Data shown:
Lemma cvg_of_inv_approx (R : realType) (V : completeNormedModType R) (u : nat -> V) :
  (forall k : nat, exists q : V, exists N, forall n, (N <= n)%N -> `|u n - q| < k.+1%:R^-1) ->
  exists b, forall e : R, 0 < e -> exists N, forall n, (N <= n)%N -> `|b - u n| < e.
Proof.
move=> approx; have : cauchy_ex (u @ \oo).
  move=> e /exists_inv_lt[k ke]; have [q [N Nq]] := approx k.
  exists q, N => // n /= Nn; rewrite -ball_normE /= distrC.
  exact: lt_trans (Nq n Nn) ke.
move=> /cauchy_exP/cauchy_cvg/cvg_ex[b /cvgr_dist_lt ub].
by exists b => e /ub[N _ Nb]; exists N.
Qed.

Section SeparableMetric.
Variables (R : realType) (T : Type) (d : T -> T -> R).
Hypothesis dmetric : is_metric d.

Lemma metric_open_ball q (r : R) : metric_open d [set t | d q t < r].
Proof.
have [_ _ _ dtri] := dmetric.
move=> t /= qt; exists (r - d q t) => [|s /= ts]; first by rewrite subr_gt0.
by have := dtri q t s; lra.
Qed.

Lemma eq_of_dense_balls (Dt : set T) t1 t2 :
  (forall t (e : R), 0 < e -> exists y, Dt y /\ d t y < e) ->
  (forall q, Dt q -> forall j : nat, d q t1 < j.+1%:R^-1 <-> d q t2 < j.+1%:R^-1) ->
  t1 = t2.
Proof.
have [d0 d0E dsym dtri] := dmetric; move=> dense_Dt same_balls.
apply: contrapT => t12; have d12 : 0 < d t1 t2.
  by rewrite lt_def d0 andbT; apply/eqP => /d0E.
have [j j12] := exists_inv_lt (divr_gt0 d12 (ltr0Sn R 1)).
have [|q [Dq t1q]] := dense_Dt t1 j.+1%:R^-1; first by rewrite invr_gt0.
have qt1 : d q t1 < j.+1%:R^-1 by rewrite dsym.
have := (same_balls q Dq j).1 qt1; have := dtri t1 q t2.
by set a := j.+1%:R^-1 in j12 t1q *; lra.
Qed.

Lemma sigma_eq_separable_metric X (MX : set (set X)) (D : set X) (u v : X -> T) :
  sigma_algebra setT MX -> metric_separable d -> MX D ->
  (forall q (r : R), MX (D `&` u @^-1` [set t | d q t < r])) ->
  (forall q (r : R), MX (D `&` v @^-1` [set t | d q t < r])) ->
  MX (D `&` [set x | u x = v x]).
Proof.
move=> MXsigma [Dt [cDt dense_Dt]] MD Mu Mv.
rewrite (_ : _ `&` _ = D `&` \bigcap_(q in Dt) \bigcap_(j in setT)
    [set x | (D `&` u @^-1` [set t | d q t < j.+1%:R^-1]) x <->
             (D `&` v @^-1` [set t | d q t < j.+1%:R^-1]) x]).
  apply: (sigma_setI MXsigma MD); apply: (sigma_bigcap_countable MXsigma) => // q _.
  apply: (sigma_bigcap_countable MXsigma (countableP _)) => j _.
  exact: sigma_iff.
apply/seteqP; split=> x /= [Dx uvx]; split => //.
  by move=> q _ j _; rewrite /= uvx.
apply: (eq_of_dense_balls dense_Dt) => q Dq j.
by have := uvx q Dq j I; rewrite /=; tauto.
Qed.

End SeparableMetric.

Section Model.
Variables (R : realType) (H : completeNormedModType R) (T : Type).
Variables (B : set H) (ST : set (set T)).

Lemma model_meas_setX (O : set H) (S : set T) : open O -> O `<=` B -> ST S ->
  model_meas B ST (O `*` S).
Proof.
move=> oO OB SS; apply: sub_gen_smallest; exists O; last by exists S.
exact: sub_gen_smallest.
Qed.

Lemma model_open_setX1 (O : set H) (t : T) : open O -> O `<=` B ->
  model_open B (O `*` [set t]).
Proof.
move=> oO OB; split=> [p [Op _]|p [Op pt]]; first by split => //; exact: OB.
by exists O; split => // y Oy; split.
Qed.

End Model.

Section Chart.
Variables (R : realType) (X : Type) (MX OX : set (set X)).
Hypothesis MXsigma : sigma_algebra setT MX.
Variables (f : nat -> X -> X) (g : X -> X).
Hypothesis f_measurable : forall n, MT_measurable MX (f n).
Hypothesis f_cvg : forall x, converges_to OX (fun n => f n x) (g x).
Hypothesis f_cvg_unique : forall x l, converges_to OX (fun n => f n x) l -> l = g x.
Variable c : hilbert_chart R MX OX.

Local Notation H := (hc_H c).
Local Notation T := (hc_T c).
Local Notation ST := (hc_ST (h:=c)).
Local Notation U := (hc_U c).
Local Notation phi := (hc_phi c).
Local Notation psi := (hc_psi (h:=c)).
Local Notation B := (oball (hc_c c) (hc_r c)).

Lemma chart_ST_setT : ST setT.
Proof.
have [d [_ _ _ ->]] := hc_stdB c.
by have := sigma_algebraCD (@sigma_algebra0 _ setT (metric_open d)); rewrite setD0.
Qed.

Lemma measurable_chart_coords n (O : set H) (S : set T) : open O -> ST S ->
  MX [set x | U (f n x) /\ (O `*` S) (phi (f n x))].
Proof.
move=> oO SS; have OB : O `&` B `<=` B by exact: subIsetr.
have := f_measurable n (hc_phi_meas (model_meas_setX (openI oO (open_oball _ _)) OB SS)).
congr MX; apply/seteqP; split=> x /=; first by move=> [Ux [[Ox _] Sx]].
move=> [Ux [Ox Sx]]; split=> //; split=> //; split=> //.
by case: (hc_phi_into Ux).
Qed.

Lemma measurable_chart_fst n (O : set H) : open O ->
  MX [set x | U (f n x) /\ O (phi (f n x)).1].
Proof.
move=> oO; have := measurable_chart_coords n oO chart_ST_setT.
by congr MX; apply/seteqP; split=> x /= [Ux] => [[]|].
Qed.

Lemma measurable_chart_snd n (S : set T) : ST S ->
  MX [set x | U (f n x) /\ S (phi (f n x)).2].
Proof.
move=> SS; have := measurable_chart_coords n openT SS.
by congr MX; apply/seteqP; split=> x /= [Ux] => [[]|].
Qed.

Lemma measurable_same_plaque n N :
  MX [set x | (U (f n x) /\ U (f N x)) /\ (phi (f n x)).2 = (phi (f N x)).2].
Proof.
have [d [dmetric _ dsep STE]] := hc_stdB c.
pose D := [set x | U (f n x) /\ U (f N x)].
have MD : MX D.
  exact (sigma_setI MXsigma (f_measurable n (hc_U_meas c)) (f_measurable N (hc_U_meas c))).
have Mball m : (forall x, D x -> U (f m x)) -> forall q (r : R),
    MX (D `&` (fun x => (phi (f m x)).2) @^-1` [set t | d q t < r]).
  move=> DU q r; have Sball : ST [set t | d q t < r].
    by rewrite STE; apply: sub_gen_smallest; exact: metric_open_ball.
  have := sigma_setI MXsigma MD (measurable_chart_snd m Sball).
  by congr MX; apply/seteqP; split=> x /= [Dx] => [[]|mx]; do ?split => //; exact: DU.
exact (sigma_eq_separable_metric dmetric (u := fun x => (phi (f n x)).2)
  (v := fun x => (phi (f N x)).2) MXsigma dsep MD
  (Mball n (fun x => @proj1 _ _)) (Mball N (fun x => @proj2 _ _))).
Qed.

Lemma chart_coords_cvg x : U (g x) -> forall e : R, 0 < e ->
  exists N, forall n, (N <= n)%N ->
  [/\ U (f n x), `|(phi (f n x)).1 - (phi (g x)).1| < e & (phi (f n x)).2 = (phi (g x)).2].
Proof.
move=> Ug e e0; set p := phi (g x).
have OB : oball p.1 e `&` B `<=` B by exact: subIsetr.
have /hc_phi_cont W_open :=
  model_open_setX1 p.2 (openI (open_oball p.1 e) (open_oball _ _)) OB.
have [|N fN] := f_cvg (x := x) W_open.
  split => //; split => //; split; first by rewrite /oball /= subrr normr0.
  by case: (hc_phi_into Ug).
by exists N => n /fN[Un [[pe _] pt]].
Qed.

Lemma chart_limit x b t : B b ->
  (exists N, forall n, (N <= n)%N -> U (f n x) /\ (phi (f n x)).2 = t) ->
  (forall e : R, 0 < e -> exists N, forall n, (N <= n)%N -> `|b - (phi (f n x)).1| < e) ->
  g x = psi (b, t).
Proof.
move=> Bb [N1 plaque] fb; apply/esym/f_cvg_unique => O oO Ob.
have [_ /(_ (b, t) (conj (conj Bb I) Ob))[O' [oO' O'b _ O'O]]] := hc_psi_cont c oO.
have [e e0 bO'] := open_oball_sub oO' O'b.
have [N2 fN2] := fb e e0.
exists (maxn N1 N2) => n; rewrite geq_max => /andP[/plaque[Un pt] /fN2 be].
have nO' : O' (phi (f n x)).1 by apply: bO'; rewrite /oball /= distrC.
have [_] := O'O _ nO'.
by rewrite /= -pt -surjective_pairing hc_psiK.
Qed.

Definition plaque_settles (S : set T) : set X :=
  [set x | exists N, forall n, (N <= n)%N ->
     [/\ U (f n x), U (f N x), (phi (f n x)).2 = (phi (f N x)).2 & S (phi (f N x)).2]].

Definition coords_cauchy (D : set H) : set X :=
  [set x | forall k : nat, exists2 q, D q &
     exists N, forall n, (N <= n)%N -> U (f n x) /\ oball q k.+1%:R^-1 (phi (f n x)).1].

Definition coords_inset (A : set H) : set X :=
  [set x | exists k : nat, exists N, forall n, (N <= n)%N ->
     U (f n x) /\ inset k.+1%:R^-1 A (phi (f n x)).1].

Lemma plaque_settles_of_limit S x : U (g x) -> S (phi (g x)).2 -> plaque_settles S x.
Proof.
move=> Ug Sg; have [N fN] := chart_coords_cvg Ug ltr01.
by exists N => n /fN[Un _ ->]; have [UN _ ->] := fN N (leqnn N).
Qed.

Lemma coords_cauchy_of_limit D x : dense D -> U (g x) -> coords_cauchy D x.
Proof.
move=> dD Ug k; set e := k.+1%:R^-1.
have e2 : 0 < e / 2 by rewrite divr_gt0 // invr_gt0.
have [q Dq gq] := dense_oball dD (phi (g x)).1 e2.
exists q => //; have [N fN] := chart_coords_cvg Ug e2.
exists N => n /fN[Un fg _]; split => //; rewrite /oball /=.
by have := ler_distD (phi (g x)).1 (phi (f n x)).1 q; lra.
Qed.

Lemma coords_inset_of_limit A x : open A -> U (g x) -> A (phi (g x)).1 -> coords_inset A x.
Proof.
move=> oA Ug Ag; have [k gA] := open_inset_nbhs oA Ag.
have [|N fN] := chart_coords_cvg Ug (e := k.+1%:R^-1); first by rewrite invr_gt0.
by exists k, N => n /fN[Un fg _]; split => //; exact: gA.
Qed.

Lemma limit_of_coords A S D x : A `<=` B ->
  plaque_settles S x -> coords_cauchy D x -> coords_inset A x ->
  (U `&` phi @^-1` (A `*` S)) (g x).
Proof.
move=> AB [N1 settle] cauchy [k [N3 deep]].
have [_ _ _ St] := settle N1 (leqnn N1).
have approx (j : nat) : exists q : H, exists N, forall n, (N <= n)%N ->
    `|(phi (f n x)).1 - q| < j.+1%:R^-1.
  by have [q _ [N fN]] := cauchy j; exists q, N => n /fN[].
have [b fb] := cvg_of_inv_approx approx.
have Ab : A b.
  have [|N2 fN2] := fb k.+1%:R^-1; first by rewrite invr_gt0.
  have [_ /inset_oball] := deep (maxn N3 N2) (leq_maxl _ _); apply.
  exact: fN2 _ (leq_maxr _ _).
have -> : g x = psi (b, (phi (f N1 x)).2).
  by apply: chart_limit (AB _ Ab) _ fb; exists N1 => n /settle[].
have Bbt : (B `*` setT) (b, (phi (f N1 x)).2) by split => //; exact: AB.
by split; [exact: hc_psi_into | rewrite /= hc_phiK].
Qed.

Lemma preimage_chart_boxE A S D : open A -> A `<=` B -> dense D ->
  g @^-1` (U `&` phi @^-1` (A `*` S)) =
  plaque_settles S `&` coords_cauchy D `&` coords_inset A.
Proof.
move=> oA AB dD; apply/seteqP; split=> x.
  move=> [Ug [Ag Sg]]; split; first split.
  - exact: plaque_settles_of_limit.
  - exact: coords_cauchy_of_limit.
  - exact: coords_inset_of_limit.
by move=> [[]]; exact: limit_of_coords.
Qed.

Lemma measurable_plaque_settles S : ST S -> MX (plaque_settles S).
Proof.
move=> SS; apply: (sigma_eventually MXsigma) => N n.
have := sigma_setI MXsigma (measurable_same_plaque n N) (measurable_chart_snd N SS).
by congr MX; apply/seteqP; split=> x /= => [[[[? ?] ?] [? ?]] | [? ? ? ?]].
Qed.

Assignment: Your reply is to repeat, unchanged, the lines above running from the one with "[set x | forall k : nat, exists2 q, D q &" up to and including the one with "exists q =>".

Solution below:
  [set x | forall k : nat, exists2 q, D q &
     exists N, forall n, (N <= n)%N -> U (f n x) /\ oball q k.+1%:R^-1 (phi (f n x)).1].

Definition coords_inset (A : set H) : set X :=
  [set x | exists k : nat, exists N, forall n, (N <= n)%N ->
     U (f n x) /\ inset k.+1%:R^-1 A (phi (f n x)).1].

Lemma plaque_settles_of_limit S x : U (g x) -> S (phi (g x)).2 -> plaque_settles S x.
Proof.
move=> Ug Sg; have [N fN] := chart_coords_cvg Ug ltr01.
by exists N => n /fN[Un _ ->]; have [UN _ ->] := fN N (leqnn N).
Qed.

Lemma coords_cauchy_of_limit D x : dense D -> U (g x) -> coords_cauchy D x.
Proof.
move=> dD Ug k; set e := k.+1%:R^-1.
have e2 : 0 < e / 2 by rewrite divr_gt0 // invr_gt0.
have [q Dq gq] := dense_oball dD (phi (g x)).1 e2.
exists q => //; have [N fN] := chart_coords_cvg Ug e2.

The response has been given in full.